Wine with Food: California Barbera| Pairing Tips

Wine with Food: California Barbera
By Paul Kalemkiarian Sr. | April 1984

The next time you are planning Italian fare for your meal, consider this wine. It has a place in that context for many reasons. It is a pleasant departure from the tradi­tional Chianti that most everyone seems to reach for when Italian food is served.

It is a native grape of the famous wine grow­ing region of Piedmont, in northern Italy. It has adapted well to California and some very interesting versions are made by a few of our vintners.

It is usually a big, full-bodied red wine, with intense color and dominant tartness (acidity), which goes well with highly seasoned Italian foods.

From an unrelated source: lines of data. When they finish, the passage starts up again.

(* Let $X$ be a paracompact topological space, let $Y$ be a Banach space, and let $f:X\to Y$ be a function. Then $f$ is Baire-1 if and only if there is a sequence $(G_n)_{n=1}^{\infty}$ of open strips in $X\times Y$ such that $\bigcap_{n=1}^{\infty}G_n=gr(f)$ and $diam(G_n(x))\to 0$ as $n\to\infty$ for each $x\in X$.
   Context: $gr(f)=\{(x,f(x)):x\in X\}\subseteq X\times Y$ is the graph of $f$. For $G\subseteq X\times Y$ and $x\in X$, the vertical section is $G(x)=\{y\in Y:(x,y)\in G\}$ (identified with $G\cap(\{x\}\times Y)$). An open strip is an open set $G\subseteq X\times Y$ such that $G(x)$ is convex for every $x\in X$. The diameter is taken with respect to the norm of $Y$. A function is Baire-0 if it is continuous, and for a countable ordinal $\alpha\ge 1$ it is Baire-$\alpha$ if it is the pointwise limit of a sequence of functions $f_n$, each Baire-$\alpha_n$ for some $\alpha_n<\alpha$; in particular, Baire-1 functions are pointwise limits of sequences of continuous functions. *)

From HB Require Import structures.
From mathcomp Require Import all_boot all_order all_algebra.
From mathcomp Require Import all_classical all_reals all_analysis.
Set Implicit Arguments. Unset Strict Implicit. Unset Printing Implicit Defensive.
Import Order.TTheory GRing.Theory Num.Theory.
Import numFieldNormedType.Exports.
Local Open Scope classical_set_scope.
Local Open Scope ring_scope.

Definition locally_finite_family (X : topologicalType) (J : Type)
  (V : J -> set X) : Prop :=
  forall x : X, exists N : set X, nbhs x N /\
    finite_set [set j | V j `&` N !=set0].

(* Paracompact (Engelking's convention: Hausdorff, and every open cover has
   a locally finite open refinement). *)
Definition paracompact (X : topologicalType) : Prop :=
  hausdorff_space X /\
  forall (I : Type) (U : I -> set X),
    (forall i, open (U i)) -> \bigcup_i U i = setT ->
    exists (J : Type) (V : J -> set X),
      [/\ (forall j, open (V j)), \bigcup_j V j = setT,
          (forall j, exists i, V j `<=` U i) &
          locally_finite_family V].

Definition graph (X Y : Type) (f : X -> Y) : set (X * Y) :=
  [set p | p.2 = f p.1].

Definition vsection (X Y : Type) (G : set (X * Y)) (x : X) : set Y :=
  [set y | G (x, y)].

Definition open_strip (R : realType) (X : topologicalType)
  (Y : normedModType R) (G : set (X * Y)) : Prop :=
  open G /\ forall x : X, convex_set (vsection G x : set (convex_lmodType Y)).

Definition diam (R : realType) (Y : normedModType R) (A : set Y) : \bar R :=
  ereal_sup [set ((`|y - z|)%:E) | y in A & z in A].

Definition baire1 (R : realType) (X : topologicalType)
  (Y : normedModType R) (f : X -> Y) : Prop :=
  exists g : nat -> X -> Y, (forall n, continuous (g n)) /\
    forall x, (fun n => g n x) @ \oo --> f x.

(* If continuous g_n converge pointwise to f, let G_n be the set whose section
   at x is the open ball about g_n(x) of radius sup_(k >= n) |g_k(x) - g_n(x)|
   plus 1/(n+1): these are open strips containing the graph of f, and their
   sections shrink to f(x) because g_k(x) -> f(x).
   Conversely, an open strip G containing the graph of f admits a continuous
   selection: refine the cover of X by the open sets {x | (x, f a) in G} to a
   locally finite one and take Urysohn functions subordinate to it (X is
   paracompact, hence normal); their normalised sum glues the constants f(a)
   into a continuous g with g(x) a convex combination of points of the convex
   section G(x).  Selections g_n from G_n converge to f since
   |g_n(x) - f(x)| <= diam G_n(x). *)

From HB Require Import structures.
From mathcomp Require Import all_boot all_order all_algebra.
From mathcomp Require Import all_classical all_reals all_analysis finmap.
From mathcomp Require Import ring lra.
Import Order.TTheory GRing.Theory Num.Theory.
Import numFieldNormedType.Exports.
Local Open Scope classical_set_scope.
Local Open Scope ring_scope.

There is something about using the wine from the country of origin for an ethnic dish from the same country. It just seems to go bet­ter! If you stop to think about that a minute, you wonder which came first in the develop­ment of eating and drinking habits of a cul­ture. Did the cuisine dictate the style of wines, or did the wines dictate the style of cuisine. I get a little giddy thinking about such conjec­tures, so I resort to accepting the axiom that “local foods go best with local wines” because in fact it seems so!

But with Barbera, I find California Bar­bera goes better with Italian food. I have had many examples of Barbera from Italy (which incidentally is the lesser revered of grape varieties from Piedmont) and have found them lacking. Our California versions have been superior and less expensive. I think a market exists here for exporting our Califor­nia Barbera to Italy!

In California, the grape is grown prolifically in the San Joaquin Valley as a source for making blending wine for the generic type wines. Some of the vintners in that region will make and label a varietal Barbera, Examples are M. LaMont, E. & J. Gallo, Giumarra, Angelo Papagni, Setrakian.

The better California Barberas come from Coast Counties, mainly Napa and Sonoma.

Louis M. Martini and Sebastiani Vineyards Barberas are the most popular ones, and deservedly so. They are consistently good, year after year. Heitz cellars and Parducci are two others which make good examples of this wine. Some smaller wineries from the Central coast have come up with noteworthy examples. They include Gemmello, Conrad Viano, Ped­rizzetti, Guglielmo, San Martin, Villa Arman­do, Louis Bonesio/Uvas. Italian names seem to dominate this list! The attachment to the wines and cuisine of the ancestral lands is commendable.

My favorite recently was from Amador county. The 1980 Special Selection Barbera by Montevina was a whopper. If you can find any, try it for sure.

So what do you serve the Barbera with?

Let’s start with the most popular American-Italian dish: pizza. If you are an “everything on it” pizza fan, then Barbera is the wine for that combination, or for lesser combinations that include onions, peppers, sausage, pep­peroni, meatballs. Possible but not the best for the plain cheese and tomatoes variety. Serve it with all versions of hearty pasta dishes which have a tomato sauce base and par­ticularly those that are spicy. I would even dare consider serving it with pesto sauce. (no tomatoes, but fresh basil, pine nuts and lots of garlic) I think the Barbera will hold up to the garlic! Most food writers will not be so bold. Beer is considered the usual accompaniment to pesto.

A classic companion to Barbera in the San Francisco bay area is crab cioppino, a seafood stew native to that city. In fact any cioppino would be fine. You would not think so, but this style of seafood brings out qualities in the Bar­bera that you do not detect with meat dishes.

Then, there is game, or the myriad of Italian sausage dishes and entrees that are great companions for this wine. Barbera is at its best with these bold flavors. It cuts through!